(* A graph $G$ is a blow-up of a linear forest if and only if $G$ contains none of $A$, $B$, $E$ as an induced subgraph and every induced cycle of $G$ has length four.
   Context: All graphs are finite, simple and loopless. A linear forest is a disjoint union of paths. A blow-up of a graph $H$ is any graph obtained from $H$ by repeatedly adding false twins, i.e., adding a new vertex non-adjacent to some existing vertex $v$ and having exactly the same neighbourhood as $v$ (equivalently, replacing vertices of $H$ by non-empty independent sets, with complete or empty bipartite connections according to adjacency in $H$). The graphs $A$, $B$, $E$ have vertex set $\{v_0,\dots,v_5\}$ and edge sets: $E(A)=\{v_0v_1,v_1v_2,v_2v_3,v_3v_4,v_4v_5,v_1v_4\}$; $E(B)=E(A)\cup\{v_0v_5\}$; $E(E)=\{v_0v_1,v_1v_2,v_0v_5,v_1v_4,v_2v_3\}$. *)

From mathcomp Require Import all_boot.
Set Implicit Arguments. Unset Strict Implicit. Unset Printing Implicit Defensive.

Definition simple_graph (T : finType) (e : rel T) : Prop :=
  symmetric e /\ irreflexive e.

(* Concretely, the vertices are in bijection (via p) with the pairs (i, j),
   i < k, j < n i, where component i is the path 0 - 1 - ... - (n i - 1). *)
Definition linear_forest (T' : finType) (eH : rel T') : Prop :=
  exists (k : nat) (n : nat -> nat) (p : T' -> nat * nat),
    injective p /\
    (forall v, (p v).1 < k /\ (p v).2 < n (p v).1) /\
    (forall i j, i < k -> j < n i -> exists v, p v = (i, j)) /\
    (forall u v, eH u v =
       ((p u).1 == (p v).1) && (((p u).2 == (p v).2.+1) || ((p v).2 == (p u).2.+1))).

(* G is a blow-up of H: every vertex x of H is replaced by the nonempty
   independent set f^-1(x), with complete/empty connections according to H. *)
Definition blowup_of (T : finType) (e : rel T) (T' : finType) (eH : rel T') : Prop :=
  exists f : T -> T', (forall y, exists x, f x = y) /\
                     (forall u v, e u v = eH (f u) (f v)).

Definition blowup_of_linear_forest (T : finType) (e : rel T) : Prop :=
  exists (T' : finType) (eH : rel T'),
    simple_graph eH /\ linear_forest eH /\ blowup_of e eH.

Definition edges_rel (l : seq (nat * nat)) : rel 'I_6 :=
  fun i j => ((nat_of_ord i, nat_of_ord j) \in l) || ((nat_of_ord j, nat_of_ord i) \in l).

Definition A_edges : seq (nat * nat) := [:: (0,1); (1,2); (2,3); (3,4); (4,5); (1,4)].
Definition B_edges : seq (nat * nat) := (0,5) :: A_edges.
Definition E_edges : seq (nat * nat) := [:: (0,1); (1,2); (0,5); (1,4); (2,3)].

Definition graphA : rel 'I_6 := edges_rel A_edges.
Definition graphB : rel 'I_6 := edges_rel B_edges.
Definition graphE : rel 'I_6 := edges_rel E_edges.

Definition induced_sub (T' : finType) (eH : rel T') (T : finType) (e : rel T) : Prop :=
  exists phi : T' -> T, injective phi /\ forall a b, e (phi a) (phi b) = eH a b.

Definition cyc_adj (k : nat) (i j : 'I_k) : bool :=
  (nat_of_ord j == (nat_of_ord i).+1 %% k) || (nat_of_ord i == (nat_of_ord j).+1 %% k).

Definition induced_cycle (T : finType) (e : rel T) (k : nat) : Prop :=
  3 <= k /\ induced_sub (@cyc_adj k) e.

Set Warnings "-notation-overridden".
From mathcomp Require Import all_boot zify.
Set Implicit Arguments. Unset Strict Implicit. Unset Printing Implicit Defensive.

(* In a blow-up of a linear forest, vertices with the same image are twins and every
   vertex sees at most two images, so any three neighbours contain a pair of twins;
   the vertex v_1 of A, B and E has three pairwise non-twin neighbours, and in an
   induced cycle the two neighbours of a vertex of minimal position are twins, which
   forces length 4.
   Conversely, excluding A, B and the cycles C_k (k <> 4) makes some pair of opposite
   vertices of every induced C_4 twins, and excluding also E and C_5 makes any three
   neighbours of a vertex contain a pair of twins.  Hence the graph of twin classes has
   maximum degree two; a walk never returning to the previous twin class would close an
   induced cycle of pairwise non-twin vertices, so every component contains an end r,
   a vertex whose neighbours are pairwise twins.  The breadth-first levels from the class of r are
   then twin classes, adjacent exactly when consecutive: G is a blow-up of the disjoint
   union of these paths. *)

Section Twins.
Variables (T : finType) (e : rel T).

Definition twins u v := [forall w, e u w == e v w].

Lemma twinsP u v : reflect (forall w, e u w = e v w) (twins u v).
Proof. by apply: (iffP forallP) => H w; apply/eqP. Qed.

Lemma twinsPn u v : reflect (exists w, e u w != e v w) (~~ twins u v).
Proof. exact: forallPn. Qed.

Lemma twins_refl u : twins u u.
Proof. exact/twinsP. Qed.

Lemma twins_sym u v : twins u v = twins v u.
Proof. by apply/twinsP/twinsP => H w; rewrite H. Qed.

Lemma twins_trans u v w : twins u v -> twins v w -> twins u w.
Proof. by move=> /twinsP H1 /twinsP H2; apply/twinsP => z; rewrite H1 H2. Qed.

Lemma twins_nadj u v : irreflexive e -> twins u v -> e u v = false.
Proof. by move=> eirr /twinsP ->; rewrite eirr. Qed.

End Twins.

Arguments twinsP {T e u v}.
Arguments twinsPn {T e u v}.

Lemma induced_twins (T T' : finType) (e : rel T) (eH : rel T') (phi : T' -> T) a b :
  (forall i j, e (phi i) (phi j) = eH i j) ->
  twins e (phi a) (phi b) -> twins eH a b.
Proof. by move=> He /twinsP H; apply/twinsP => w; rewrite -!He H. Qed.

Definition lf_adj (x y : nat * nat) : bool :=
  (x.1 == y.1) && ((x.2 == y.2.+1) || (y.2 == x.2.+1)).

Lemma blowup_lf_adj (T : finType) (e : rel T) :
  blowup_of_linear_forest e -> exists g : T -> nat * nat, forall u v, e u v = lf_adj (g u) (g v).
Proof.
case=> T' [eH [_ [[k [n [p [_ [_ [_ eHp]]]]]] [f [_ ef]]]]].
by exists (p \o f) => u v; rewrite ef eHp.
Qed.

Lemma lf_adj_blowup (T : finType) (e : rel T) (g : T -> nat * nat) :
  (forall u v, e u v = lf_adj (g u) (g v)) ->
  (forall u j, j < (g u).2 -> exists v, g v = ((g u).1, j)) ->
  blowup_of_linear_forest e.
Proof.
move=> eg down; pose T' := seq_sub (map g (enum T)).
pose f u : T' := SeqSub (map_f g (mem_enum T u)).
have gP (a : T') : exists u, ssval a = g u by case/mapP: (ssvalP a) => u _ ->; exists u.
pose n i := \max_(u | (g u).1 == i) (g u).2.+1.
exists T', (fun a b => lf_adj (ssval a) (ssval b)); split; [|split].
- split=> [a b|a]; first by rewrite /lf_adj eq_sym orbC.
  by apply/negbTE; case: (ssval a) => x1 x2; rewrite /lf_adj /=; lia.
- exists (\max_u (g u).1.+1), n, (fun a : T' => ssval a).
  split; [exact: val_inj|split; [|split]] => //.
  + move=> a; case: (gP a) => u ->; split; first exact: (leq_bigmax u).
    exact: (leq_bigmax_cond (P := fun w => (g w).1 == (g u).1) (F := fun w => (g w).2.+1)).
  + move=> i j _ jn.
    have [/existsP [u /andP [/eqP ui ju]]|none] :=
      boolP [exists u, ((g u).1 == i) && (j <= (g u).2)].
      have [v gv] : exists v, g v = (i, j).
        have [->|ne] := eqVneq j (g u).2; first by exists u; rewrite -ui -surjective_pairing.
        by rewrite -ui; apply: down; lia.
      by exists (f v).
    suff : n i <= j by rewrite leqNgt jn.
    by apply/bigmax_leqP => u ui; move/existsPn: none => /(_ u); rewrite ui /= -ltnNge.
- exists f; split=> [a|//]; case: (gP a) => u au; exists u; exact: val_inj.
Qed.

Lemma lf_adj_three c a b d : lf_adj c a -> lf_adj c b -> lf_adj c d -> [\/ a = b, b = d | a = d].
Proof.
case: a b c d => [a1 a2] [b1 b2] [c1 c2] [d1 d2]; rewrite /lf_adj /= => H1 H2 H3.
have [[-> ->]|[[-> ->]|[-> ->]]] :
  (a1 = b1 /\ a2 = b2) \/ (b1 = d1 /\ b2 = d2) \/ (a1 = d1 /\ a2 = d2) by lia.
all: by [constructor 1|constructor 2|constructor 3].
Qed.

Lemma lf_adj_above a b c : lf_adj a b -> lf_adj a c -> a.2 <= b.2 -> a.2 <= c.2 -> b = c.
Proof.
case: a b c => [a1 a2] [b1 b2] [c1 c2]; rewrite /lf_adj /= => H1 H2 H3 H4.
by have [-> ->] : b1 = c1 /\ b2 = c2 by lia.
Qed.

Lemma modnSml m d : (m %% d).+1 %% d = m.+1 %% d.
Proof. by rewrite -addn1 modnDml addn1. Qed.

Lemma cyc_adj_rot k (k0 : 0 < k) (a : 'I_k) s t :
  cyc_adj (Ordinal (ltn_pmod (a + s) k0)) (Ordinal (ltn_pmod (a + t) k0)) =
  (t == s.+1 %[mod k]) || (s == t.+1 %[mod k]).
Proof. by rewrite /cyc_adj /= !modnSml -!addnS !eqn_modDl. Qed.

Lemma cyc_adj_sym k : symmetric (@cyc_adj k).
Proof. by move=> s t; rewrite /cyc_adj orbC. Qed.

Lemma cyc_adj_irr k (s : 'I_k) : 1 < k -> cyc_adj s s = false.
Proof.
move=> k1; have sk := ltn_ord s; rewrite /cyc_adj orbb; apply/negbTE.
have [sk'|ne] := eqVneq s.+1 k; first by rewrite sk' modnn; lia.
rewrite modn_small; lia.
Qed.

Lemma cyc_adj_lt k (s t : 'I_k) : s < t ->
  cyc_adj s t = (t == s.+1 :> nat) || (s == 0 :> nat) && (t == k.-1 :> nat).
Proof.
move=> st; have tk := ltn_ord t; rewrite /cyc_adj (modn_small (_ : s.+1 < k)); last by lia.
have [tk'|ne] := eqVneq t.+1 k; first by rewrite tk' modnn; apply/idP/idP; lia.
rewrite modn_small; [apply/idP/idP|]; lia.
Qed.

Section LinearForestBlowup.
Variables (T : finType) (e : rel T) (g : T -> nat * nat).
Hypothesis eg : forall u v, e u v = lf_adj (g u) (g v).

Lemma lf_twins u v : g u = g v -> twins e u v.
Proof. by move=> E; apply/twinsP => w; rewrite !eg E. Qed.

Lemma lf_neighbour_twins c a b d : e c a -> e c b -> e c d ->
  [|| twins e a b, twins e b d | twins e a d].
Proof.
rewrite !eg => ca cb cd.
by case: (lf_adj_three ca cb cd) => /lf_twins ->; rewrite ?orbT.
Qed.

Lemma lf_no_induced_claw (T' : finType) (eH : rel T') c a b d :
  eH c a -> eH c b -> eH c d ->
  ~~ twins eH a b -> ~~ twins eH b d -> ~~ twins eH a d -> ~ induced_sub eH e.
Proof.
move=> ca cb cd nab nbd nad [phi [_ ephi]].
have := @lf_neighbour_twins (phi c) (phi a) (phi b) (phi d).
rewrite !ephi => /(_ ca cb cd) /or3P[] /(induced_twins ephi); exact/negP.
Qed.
☆ ☆ ☆ ☆ ☆ ☆ ☆
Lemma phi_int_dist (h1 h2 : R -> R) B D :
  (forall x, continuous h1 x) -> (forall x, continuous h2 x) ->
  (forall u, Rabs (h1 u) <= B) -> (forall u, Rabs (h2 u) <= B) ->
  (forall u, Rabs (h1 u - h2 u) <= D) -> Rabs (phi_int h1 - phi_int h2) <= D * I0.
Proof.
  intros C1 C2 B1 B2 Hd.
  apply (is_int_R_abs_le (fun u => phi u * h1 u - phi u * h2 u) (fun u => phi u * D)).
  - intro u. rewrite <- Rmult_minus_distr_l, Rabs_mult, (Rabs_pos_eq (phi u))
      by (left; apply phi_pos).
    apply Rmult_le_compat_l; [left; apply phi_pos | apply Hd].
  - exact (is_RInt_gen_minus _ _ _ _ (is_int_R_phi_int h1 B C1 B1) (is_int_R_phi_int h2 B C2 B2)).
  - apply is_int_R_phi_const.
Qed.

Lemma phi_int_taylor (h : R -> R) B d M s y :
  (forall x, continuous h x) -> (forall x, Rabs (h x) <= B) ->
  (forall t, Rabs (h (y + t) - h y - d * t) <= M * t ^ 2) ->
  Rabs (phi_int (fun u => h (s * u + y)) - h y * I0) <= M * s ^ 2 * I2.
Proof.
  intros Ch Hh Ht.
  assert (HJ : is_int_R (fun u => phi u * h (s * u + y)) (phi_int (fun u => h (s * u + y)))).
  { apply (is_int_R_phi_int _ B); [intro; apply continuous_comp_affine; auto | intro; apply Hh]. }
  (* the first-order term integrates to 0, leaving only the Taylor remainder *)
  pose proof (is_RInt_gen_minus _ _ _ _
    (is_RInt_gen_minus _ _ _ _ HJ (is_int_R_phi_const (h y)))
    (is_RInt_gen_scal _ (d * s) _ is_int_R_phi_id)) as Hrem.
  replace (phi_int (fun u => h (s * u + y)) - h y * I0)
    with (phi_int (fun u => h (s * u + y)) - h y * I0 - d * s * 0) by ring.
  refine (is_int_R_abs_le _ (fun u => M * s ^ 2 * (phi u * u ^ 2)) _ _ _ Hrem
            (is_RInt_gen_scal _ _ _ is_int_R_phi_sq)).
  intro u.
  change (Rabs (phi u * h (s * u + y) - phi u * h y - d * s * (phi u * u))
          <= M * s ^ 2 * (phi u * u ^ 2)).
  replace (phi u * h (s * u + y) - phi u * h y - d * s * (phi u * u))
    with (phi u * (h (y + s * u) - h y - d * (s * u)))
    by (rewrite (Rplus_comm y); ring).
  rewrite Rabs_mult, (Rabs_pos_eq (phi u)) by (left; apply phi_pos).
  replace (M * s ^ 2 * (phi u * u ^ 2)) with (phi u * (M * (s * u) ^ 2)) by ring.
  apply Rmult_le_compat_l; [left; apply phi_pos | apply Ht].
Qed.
☆ ☆ ☆ ☆ ☆ ☆ ☆
* About this task: Copy each line of the records that has "contains" in it.

* Answer to this problem:
(* A graph $G$ is a blow-up of a linear forest if and only if $G$ contains none of $A$, $B$, $E$ as an induced subgraph and every induced cycle of $G$ has length four.
   induced cycle of pairwise non-twin vertices, so every component contains an end r,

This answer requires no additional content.